Medications: bergamot polyphenols are not grapefruit juice, but caution is prudent. If you’re on statins, anticoagulants, antiplatelets, calcium-channel blockers, or narrow-window medications, coordinate with your clinician and monitor.
Liver disease: check with your clinician and monitor ALT/AST periodically.
Allergy: citrus sensitivities are rare but possible; discontinue if rash or itching develops.
Pregnancy/lactation: limited data—avoid unless advised.
Essential oil warning: do not ingest bergamot essential oil; it can be phototoxic and is not the studied form.
Label literacy—fast checks
- “Bergamot (Citrus bergamia) extract” from juice (not oil) with mg per serving and polyphenol/flavonoid standardization.
- Capsule count that lets you reach 500–1000 mg/day without excessive pill burden.
- Third-party testing/COA available.
Dosage Quick-Reference
LDL & non-HDL reduction: 500–1000 mg/day BPF • With meals, 12–16 weeks • Outcome: LDL & non-HDL ↓; HDL ↑ (modest).

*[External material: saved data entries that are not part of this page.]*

Lemma relsA_t1n : t1n_rels x y (fun i j => br (x i) (y j)).
Proof.
have t_x i j k : i != j -> i != k -> j != k -> br (br (x i) (y j)) (x k) = 0.
  by move=> ij ik jk; rewrite br_anti relsA_x_xy ?oppr0 // eq_sym.
have t_y i j k : i != j -> i != k -> j != k -> br (br (x i) (y j)) (y k) = 0.
  by move=> ij ik jk; rewrite br_anti relsA_y_xy ?oppr0 // eq_sym.
have t_t i j m k : i != j -> i != k -> j != k ->
    br (br (x i) (y j)) (br (x m) (y k)) = br (br (br (x i) (y j)) (x m)) (y k).
  by move=> ij ik jk; rewrite br_derivation t_y // br0r addr0.
split; first by move=> i j _; exact: relsA_xy_sym.
split.
  move=> i j k ij ik jk; rewrite brDr !t_t // -brDl -brDr.
  by rewrite (br_anti _ (_ + _)) relsA_xD_xy // oppr0 br0l.
split.
  move=> i j k l ij ik il jk jl kl.
  by rewrite t_t // t_x // br0l.
split; first by [].
split; first by move=> i j _; rewrite relsA_xx relsA_yy.
split; first exact: relsA_xy_diag.
split.
  by move=> i j k ij ik jk; rewrite relsA_x_xy // relsA_y_xy.
by move=> i j ij; rewrite relsA_xD_xy // relsA_yD_xy.
Qed.

Let a (i : 'I_n) := tailsum x i.
Let b (i : 'I_n) := tailsum y i.

Lemma relsA_sumx_yx p q : br (\sum_(j < n) x j) (br (y q) (x p)) = 0.
Proof.
rewrite br_derivation relsA_sumx_y // br0l add0r br_suml big1 ?br0r // => j _.
exact: relsA_xx.
Qed.

Lemma relsA_sumy_yx p q : br (\sum_(j < n) y j) (br (y q) (x p)) = 0.
Proof.
rewrite br_derivation relsA_sumy_x // br0r addr0 br_suml big1 ?br0l // => j _.
exact: relsA_yy.
Qed.

Lemma relsA_tailsumx_yx i (p q : 'I_n) : (i <= p < q)%N ->
  br (tailsum x i) (br (y q) (x p)) = 0.
Proof.
move=> /andP [ip pq]; rewrite tailsum_head brBl relsA_sumx_yx // sub0r br_suml.
rewrite big1 ?oppr0 // => j ji; rewrite (br_anti (y q)) brNr relsA_x_xy ?oppr0 //.
all: by apply/eqP => /(congr1 val) /=; lia.
Qed.

Lemma relsA_tailsumy_yx i (p q : 'I_n) : (i <= p < q)%N ->
  br (tailsum y i) (br (y q) (x p)) = 0.
Proof.
move=> /andP [ip pq]; rewrite tailsum_head brBl relsA_sumy_yx // sub0r br_suml.
rewrite big1 ?oppr0 // => j ji; rewrite (br_anti (y q)) brNr relsA_y_xy ?oppr0 //.
all: by apply/eqP => /(congr1 val) /=; lia.
Qed.

(* c_jk = -sum_{q >= k} sum_{j <= p < k} [y_q, x_p]. *)
Lemma br_cB_tailsum z (j k : 'I_n) : (j <= k)%N ->
  (forall p q : 'I_n, (j <= p < k)%N -> (k <= q)%N -> br z (br (y q) (x p)) = 0) ->
  br z (cB a b j k) = 0.
Proof.
move=> jk z_yx; rewrite /cB /a (tailsum_split x jk) opprD addrA subrr add0r.
rewrite brNr brNr /b /tailsum br_suml br_sumr big1 ?oppr0 // => q kq.
by rewrite !br_sumr big1 // => p jpk; apply: z_yx.
Qed.

Lemma relsA_relsB : relsB a b.
Proof.
split.
- move=> i j; rewrite /a /b /tailsum !br_suml.
  by split; apply: big1 => p _; rewrite br_sumr big1 // => q _;
    [exact: relsA_xx | exact: relsA_yy].
- move=> i j i0; rewrite /a /b /= i0 !tailsum0 /tailsum !br_sumr.
  by split; apply: big1 => q _; [exact: relsA_sumx_y | exact: relsA_sumy_x].
- move=> j k; rewrite /a /b /tailsum !br_suml.
  under eq_bigr do rewrite br_sumr; under [RHS]eq_bigr do rewrite br_sumr.
  rewrite exchange_big; apply: eq_bigr => q _; apply: eq_bigr => p _.
  exact: relsA_xy_sym.
- move=> i j k ij jk; split; apply: br_cB_tailsum => // p q /andP [jp pk] kq.
    by apply: relsA_tailsumx_yx; rewrite (leq_trans ij jp) (leq_trans pk kq).
  by apply: relsA_tailsumy_yx; rewrite (leq_trans ij jp) (leq_trans pk kq).
Qed.

End RelationsA.

Section RelationsB.
Variables (K : fieldType) (n : nat) (M : lieAlgebra K) (a b : 'I_n -> M).
Hypothesis HB : relsB a b.

Let X k := tail_diff a k.
Let Y k := tail_diff b k.

Lemma relsB_ext0_aa p q : br (ext0 a p) (ext0 a q) = 0.
Proof.
have [pn|np] := ltnP p n; last by rewrite ext0_ge ?br0l.
have [qn|nq] := ltnP q n; last by rewrite (ext0_ge a nq) br0r.
case: HB => aa_bb _ _ _; rewrite (ext0_lt a pn) (ext0_lt a qn).
by case: (aa_bb (Ordinal pn) (Ordinal qn)).
Qed.

Lemma relsB_ext0_bb p q : br (ext0 b p) (ext0 b q) = 0.
Proof.
have [pn|np] := ltnP p n; last by rewrite ext0_ge ?br0l.
have [qn|nq] := ltnP q n; last by rewrite (ext0_ge b nq) br0r.
case: HB => aa_bb _ _ _; rewrite (ext0_lt b pn) (ext0_lt b qn).
by case: (aa_bb (Ordinal pn) (Ordinal qn)).
Qed.

Lemma relsB_ext0_ab_sym p q : br (ext0 a p) (ext0 b q) = br (ext0 a q) (ext0 b p).
Proof.
have [pn|np] := ltnP p n; last by rewrite !(ext0_ge _ np) br0l br0r.
have [qn|nq] := ltnP q n; last by rewrite !(ext0_ge _ nq) br0l br0r.
case: HB => _ _ ab_sym _.
by rewrite !(ext0_lt a pn, ext0_lt a qn, ext0_lt b pn, ext0_lt b qn) ab_sym.
Qed.

Lemma relsB_ext0_a0b q : br (ext0 a 0) (ext0 b q) = 0.
Proof.
have [qn|nq] := ltnP q n; last by rewrite (ext0_ge b nq) br0r.
have n0 : (0 < n)%N by apply: leq_ltn_trans qn.
case: HB => _ ab0 _ _; rewrite (ext0_lt a n0) (ext0_lt b qn).
by case: (ab0 (Ordinal n0) (Ordinal qn) erefl).
Qed.

Lemma relsB_ext0_b0a q : br (ext0 b 0) (ext0 a q) = 0.
Proof.
have [qn|nq] := ltnP q n; last by rewrite (ext0_ge a nq) br0r.
have n0 : (0 < n)%N by apply: leq_ltn_trans qn.
case: HB => _ ab0 _ _; rewrite (ext0_lt b n0) (ext0_lt a qn).
by case: (ab0 (Ordinal n0) (Ordinal qn) erefl).
Qed.

Section KilledByC.
Variable c : 'I_n -> M.
Hypothesis c_cB : forall i j k : 'I_n, (i <= j <= k)%N -> br (c i) (cB a b j k) = 0.

Lemma br_ext0_cB s j k : (s <= j <= k)%N ->
  br (ext0 c s) (br (ext0 b k) (ext0 a j)) = br (ext0 c s) (br (ext0 b k) (ext0 a k)).
Proof.
move=> sjk; have /andP [sj jk] := sjk.
have [kn|nk] := ltnP k n; last by rewrite (ext0_ge b nk) !br0l br0r.
have jn := leq_ltn_trans jk kn; have sn := leq_ltn_trans sj jn.
have /eqP := @c_cB (Ordinal sn) (Ordinal jn) (Ordinal kn) sjk.
rewrite (ext0_lt c sn) (ext0_lt b kn) (ext0_lt a jn) (ext0_lt a kn) /cB !brBr.
by rewrite subr_eq0 => /eqP ->.
Qed.

(* Each of the four terms of [X_q, Y_r] is c_jk-like, with j <= k. *)
Lemma br_ext0_XY s q r : (s <= q < r)%N -> br (ext0 c s) (br (X q) (Y r)) = 0.
Proof.
move=> /andP [sq qr]; rewrite /X /Y /tail_diff !brBl !brBr.
rewrite !(br_anti (ext0 a _) (ext0 b _)) !brNr.
rewrite (@br_ext0_cB _ q r) ?(@br_ext0_cB _ q.+1 r) ?(@br_ext0_cB _ q r.+1)
  ?(@br_ext0_cB _ q.+1 r.+1) ?subrr //; apply/andP; lia.
Qed.

End KilledByC.

Lemma relsB_XY_sym p q : br (X p) (Y q) = br (X q) (Y p).
Proof.
rewrite /X /Y /tail_diff !brBl !brBr !(relsB_ext0_ab_sym p) !(relsB_ext0_ab_sym p.+1).
by rewrite !opprB addrACA [RHS]addrACA [in LHS](addrC (- _)).
Qed.

Lemma relsB_XX p q : br (X p) (X q) = 0.
Proof. by rewrite /X /tail_diff !brBl !brBr !relsB_ext0_aa !subrr. Qed.

Lemma relsB_YY p q : br (Y p) (Y q) = 0.
Proof. by rewrite /Y /tail_diff !brBl !brBr !relsB_ext0_bb !subrr. Qed.

Lemma relsB_relsA : relsA (fun i : 'I_n => X i) (fun i => Y i).
Proof.
have [_ _ _ cubic] := HB.
have a_cB (i j k : 'I_n) : (i <= j <= k)%N -> br (a i) (cB a b j k) = 0.
  by move=> /andP [ij jk]; case: (cubic i j k ij jk).
have b_cB (i j k : 'I_n) : (i <= j <= k)%N -> br (b i) (cB a b j k) = 0.
  by move=> /andP [ij jk]; case: (cubic i j k ij jk).
split.
- by move=> i j _; exact: relsB_XY_sym.
- by move=> i j; rewrite relsB_XX relsB_YY.
- move=> i; rewrite -!tailsum0 !tailsum_tail_diff /Y /X /tail_diff !brBr.
  by rewrite !relsB_ext0_a0b !relsB_ext0_b0a !subrr.
- move=> i j k ij ik jk; split.
    apply: (sorted_vanish_distinct (F := fun p q r => br (X p) (br (X q) (Y r)))) => //.
    + move=> p q r /andP [pq qr]; rewrite {1}/X /tail_diff brBl.
      by rewrite !(br_ext0_XY a_cB) ?subrr //; apply/andP; lia.
    + by move=> p q r; rewrite br_derivation relsB_XX br0l add0r.
    + by move=> p q r; rewrite relsB_XY_sym.
  apply: (sorted_vanish_distinct (F := fun p q r => br (Y p) (br (Y q) (X r)))) => //.
  + move=> p q r /andP [pq qr]; rewrite (br_anti (Y q)) !brNr relsB_XY_sym.
    rewrite {1}/Y /tail_diff brBl.
    by rewrite !(br_ext0_XY b_cB) ?subrr ?oppr0 //; apply/andP; lia.
  + by move=> p q r; rewrite br_derivation relsB_YY br0l add0r.
  + by move=> p q r; rewrite (br_anti (Y q)) (br_anti (Y r)) relsB_XY_sym.
Qed.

Triglyceride support: 500 mg BID • 8–12 weeks • Outcome: triglycerides ↓, small dense LDL pattern improves.
Adjunct on statin/ezetimibe: 500 mg/day • 12 weeks • Outcome: additional lipid ↓ (monitor labs).
Safety note: Do not ingest bergamot essential oil; use juice-derived, polyphenol-standardized extracts and coordinate if on lipid-lowering or narrow-window meds.